Eksperyment rozpoczął się z chwilą umieszczenia wewnątrz baku czterech par zdrowych myszy, które potrzebowały tylko chwilę, aby oswoić się i zacząć się szybko rozmnażać. Okres adaptacji Calhoun nazwał fazą A, ale od narodzin pierwszych mysząt rozpoczął się etap B. Był to etap gwałtownego wzrostu liczby myszy w baku w idealnych warunkach, liczba myszy podwajała się co 55 dni. Od 315 dnia trwania eksperymentu tempo wzrostu populacji znacznie spowolniło się, teraz populacja podwajała się co 145 dni, co oznaczało wejście w etap C. W tym momencie w baku było około 600 myszy, utworzona była określona hierarchia i pewne życie społeczne. Miejsca dla myszy było znacznie mniej niż wcześniej.

Pojawiła się kategoria „wyrzutków”, których wpędzano do środka baku, i którzy często padali ofiarami agresji. Wyrzutkami były głównie osobniki młode, które nie znalazły dla siebie roli społecznej w hierarchii myszy. Problem braku odpowiednich ról społecznych został spowodowany faktem, że w idealnych warunkach baku myszy żyły długo, a stare myszy nie robiły miejsca dla młodych gryzoni. Po wyrzuceniu samce przeżywały załamanie psychiczne, wykazywały mniejszą agresję, nie chciały bronić swoich ciężarnych samic i pełnić żadnej roli społecznej.

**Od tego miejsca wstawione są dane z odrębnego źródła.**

Lemma coloring_inj_iso (x0 : T1) : connected_graph e2 -> injective g ->
  bijective g /\ forall u v, e2 (g u) (g v) = e1 u v.
Proof.
move=> conn g_inj.
have nbr x t : e2 (g x) t -> exists2 z, e1 x z & g z = t.
  case/coloring_nbr=> z exz [gz | /g_inj zx]; first by exists z.
  by move: exz; rewrite zx e1_irr.
have g_onto : g @: [set: T1] = [set: T2].
  apply: connected_closed => // [_ t /imsetP [x _ ->] /nbr [z _ <-]|].
    exact: imset_f.
  by apply/set0Pn; exists (g x0); apply: imset_f.
split.
  apply: inj_card_bij => //; rewrite -cardsT -g_onto.
  by apply: leq_trans (leq_imset_card _ _) _; rewrite cardsT.
move=> u v; apply/idP/idP => [/nbr [z euz /g_inj <-] // | euv].
apply: coloring_adj; rewrite // (inj_eq g_inj).
by apply: contraTneq euv => ->; rewrite e1_irr.
Qed.

Section Degree.
Hypothesis deg_le : forall x, #|[set z | e1 x z]| <= #|[set t | e2 (g x) t]|.

Lemma coloring_bd_inj x : {in bd e1 x &, injective f}.
Proof. by apply/imset_injP; rewrite eqn_leq leq_imset_card f_bd !card_bd // deg_le. Qed.

Lemma coloring_count x u v : e2 u v ->
  (g x \in [set u; v]) = \sum_(z | e1 x z) (f [set x; z] == [set u; v]) :> nat.
Proof.
move=> euv; have x_inj := @coloring_bd_inj x.
have -> : \sum_(z | e1 x z) (f [set x; z] == [set u; v]) =
          \sum_(E in bd e1 x) (f E == [set u; v]).
  rewrite bdE // big_imset /=; last exact: bd_pair_inj.
  by apply: eq_bigl => z; rewrite inE.
rewrite -(big_imset (fun E => nat_of_bool (E == [set u; v])) x_inj) /= f_bd sum_eq_mem.
by rewrite [_ \in bd _ _]inE (edges_pair euv).
Qed.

Samice, przygotowujące się do porodu, stawały się coraz bardziej nerwowe, w wyniku zwiększonej bierności wśród mężczyzn, stawały się bardziej podatne na przypadkowe ataki. W rezultacie samice zaczęły wykazywać agresję, często walczyły, aby chronić potomstwo. Często jednak samice zabijały swoje młode, przenosiły się do górnych gniazd, stawały sie agresywnymi pustelnicami i rezygnowały z reprodukcji. W rezultacie liczba urodzeń spadła znacząco, a śmiertelność młodych zwierząt osiągnęła wysoki poziom.

Wkrótce rozpoczęła się faza D — ostatni etap istnienia mysiego raju. Symbolem tego etapu było pojawienie się nowej kategorii myszy, zwanej „piękną”. Taką nazwę otrzymała, ponieważ, w przeciwieństwie do większości innych mieszkańców baku, na ich ciele nie było śladów brutalnych walk, blizn i wyrwanej sierści. Byli to samce, wykazujący nietypowe zachowania, nie chcący walczyć o terytorium i samice, nie wykazujący chęci do współpracy, mający skłonność do biernego trybu życia. „Piękni” tylko jedli, pili, spali i czyścili skórę, unikając konfliktów i realizacji wszelkich funkcji społecznych. Wśród ostatniej fali urodzeń w baku „piękni” i samice-pustelniczki stanowili większość.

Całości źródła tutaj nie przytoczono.